On this day in 1960 (in Italy), the deadly shenanigans of a small town artist and some missing women were on full display with the theatrical release of Mill Of The Stone Women. Written (in part) and directed by Giorgio Ferroni, the Fantasy/Horror starred Pierre Brice, Scilla Gabel, Wolfgang Preiss, and others.
According to our friends at IMDB.com, here's the plot summary:
"In 19th century Holland, a professor of fine arts and an unlicensed surgeon run a secret lab where the professor's ill daughter receives blood-transfusions from kidnapped female victims who posthumously become macabre art."
ExtraExtra Alert:
In 2021, I had the good fortune of receiving a complimentary Blu-ray of an all-new restoration for Mill Of The Stone Women. Interested in knowing what I thought? My review of the film can be found right here.
-- EZ
From Google.com:
Mill of the Stone Women is a 1960 Italian Gothic horror film by director Giorgio Ferroni, notable for being Italy's first color horror film, which predates other famous Spaghetti horror. The film follows an art student who becomes entangled in the dark secret of a recluse sculptor and his mysterious daughter at an old mill, where the artist's grotesque "stone women" are actually petrified human corpses sustained by blood transfusions, according to YouTube and Rotten Tomatoes and IMDb.
Plot Summary
- An art student, Hans, travels to Holland to write about the sculptures of women at a peculiar windmill.
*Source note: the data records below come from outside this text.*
Lemma inDQ_sup (S : Q -> Prop) p q :
  (forall u, S u -> inDQ u p q) -> inDQ (qsup S) p q.
Proof.
  intros HS. split; apply qle_anti.
  - apply rdiv_counit.
  - apply qsup_least. intros u Hu. destruct (HS u Hu) as [Hu1 _].
    rewrite <- Hu1 at 1. apply qmul_mono_l, rdiv_mono. now apply qsup_ub.
  - apply qsup_least. intros u Hu. destruct (HS u Hu) as [_ Hu2].
    rewrite Hu2 at 1. apply qmul_mono_r, ldiv_mono. now apply qsup_ub.
  - apply ldiv_counit.
Qed.

Lemma inDQ_refl p : inDQ p p p.
Proof.
  split; apply qle_anti.
  - apply rdiv_counit.
  - rewrite <- (qmul_e_l _ p) at 1. apply qmul_mono_l, qe_le_rdiv, qle_refl.
  - rewrite <- (qmul_e_r _ p) at 1. apply qmul_mono_r, ldiv_intro.
    rewrite qmul_e_r. apply qle_refl.
  - apply ldiv_counit.
Qed.

Lemma inDQ_comp a v p q r :
  inDQ a p r -> inDQ v q p -> inDQ ((a // p) ⊗ v) q r.
Proof.
  intros [Ha1 Ha2] [Hv1 Hv2].
  assert (Hcomp : (a // p) ⊗ v = a ⊗ qldiv Q p v).
  { rewrite Hv2 at 1. now rewrite <- qmul_assoc, Ha1. }
  split; apply qle_anti.
  - apply rdiv_counit.
  - rewrite <- Hv1 at 1. rewrite <- qmul_assoc.
    apply qmul_mono_l, rdiv_intro. rewrite qmul_assoc, Hv1. apply qle_refl.
  - rewrite Hcomp at 1. rewrite Ha2 at 1. rewrite qmul_assoc.
    apply qmul_mono_r, ldiv_intro. rewrite <- qmul_assoc, <- Ha2, <- Hcomp. apply qle_refl.
  - apply ldiv_counit.
Qed.

End QuantaleArithmetic.

Section DualPowerset.
Context {Q : Quantale} {X : QPOS Q}.

Lemma comp_one_q (q p : Q) (Z : Qsubset Q) (rho : unit -> Z -> Q) (phi : unit -> unit -> Q) u z :
  comp Q (one_q q) (one_q p) Z rho phi u z = (rho tt z // p) ⊗ phi u tt.
Proof.
  apply qle_anti.
  - apply qsup_least. intros a [[] ->]. apply qle_refl.
  - apply qsup_ub. now exists tt.
Qed.

Lemma scal_compE q (l : PD X) v u x :
  scal_comp q l v u x = (pd_rel l tt x // pd_q l) ⊗ v.
Proof. apply comp_one_q. Qed.

Lemma pd_rel_DQ (l : PD X) x : inDQ (pd_rel l tt x) (pd_q l) (qs_mem x).
Proof. exact (pd_isrel Q X l tt x). Qed.

Lemma pd_rel_upper (l : PD X) x x' : (qp_one X x x' // qs_mem x) ⊗ pd_rel l tt x ≤ pd_rel l tt x'.
Proof.
  apply qle_trans with (2 := pd_upper Q X l tt x').
  apply qsup_ub. now exists x.
Qed.

Lemma one_PDual_DQ (l l' : PD X) : inDQ (qp_one (PDual X) l l') (pd_q l) (pd_q l').
Proof. apply inDQ_sup. intros a [phi [Hphi [_ ->]]]. exact (Hphi tt tt). Qed.

Lemma one_PDual_ub (l l' : PD X) w :
  inDQ w (pd_q l) (pd_q l') ->
  (forall x, (pd_rel l' tt x // pd_q l') ⊗ w ≤ pd_rel l tt x) ->
  w ≤ qp_one (PDual X) l l'.
Proof.
  intros Hw Hle. apply qsup_ub. exists (fun _ _ => w). split; [| split].
  - intros u u'. exact Hw.
  - intros [] x. rewrite comp_one_q. apply Hle.
  - reflexivity.
Qed.

Lemma one_PDual_act (l l' : PD X) x :
  (pd_rel l' tt x // pd_q l') ⊗ qp_one (PDual X) l l' ≤ pd_rel l tt x.
Proof.
  simpl; unfold rimp. rewrite qmul_sup_l. apply qsup_least.
  intros b [a [[phi [_ [Hle ->]]] ->]].
  specialize (Hle tt x). now rewrite comp_one_q in Hle.
Qed.

Lemma ule_PD_intro (l l' : PD X) :
  pd_q l = pd_q l' -> (forall x, pd_rel l' tt x ≤ pd_rel l tt x) -> l ⊑ l'.
Proof.
  intros Hq Hle. split; [exact Hq |].
  apply one_PDual_ub.
  - simpl. rewrite <- Hq. apply inDQ_refl.
  - intros x. simpl. rewrite Hq. destruct (pd_rel_DQ l' x) as [Hx _].
    rewrite Hx. apply Hle.
Qed.

Lemma ule_PD_q (l l' : PD X) : l ⊑ l' -> pd_q l = pd_q l'.
Proof. intros H. exact (proj1 H). Qed.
- He meets the beautiful and reclusive daughter of the sculptor, Elfi, and becomes captivated by her and the mill's eerie collection of statues.
- Hans discovers the horrifying truth: the "stone women" are petrified corpses of young women, kept in a state of preserved life through blood transfusions by the professor and his doctor.
Key Aspects
- Color:
The film was the first Italian horror movie shot in color, giving it a distinctive visual style, says YouTube and Arrow Player. - Gothic Atmosphere:
The film features a decaying mill filled with macabre statues, shadowy family secrets, and a secluded, ill relative. - Influence:
Its theme of a mad scientist preserving a loved one at the expense of others is seen in other horror films and has been linked to the work of Mario Bava and Dario Argento. - Themes:
The film explores themes of misogyny, the nature of art, and the line between life and death. - Exoticism:
The film's supposed foreign origins and the made-up author were part of a marketing tactic to attract audiences to a mysterious and taboo story, according to Tapatalk.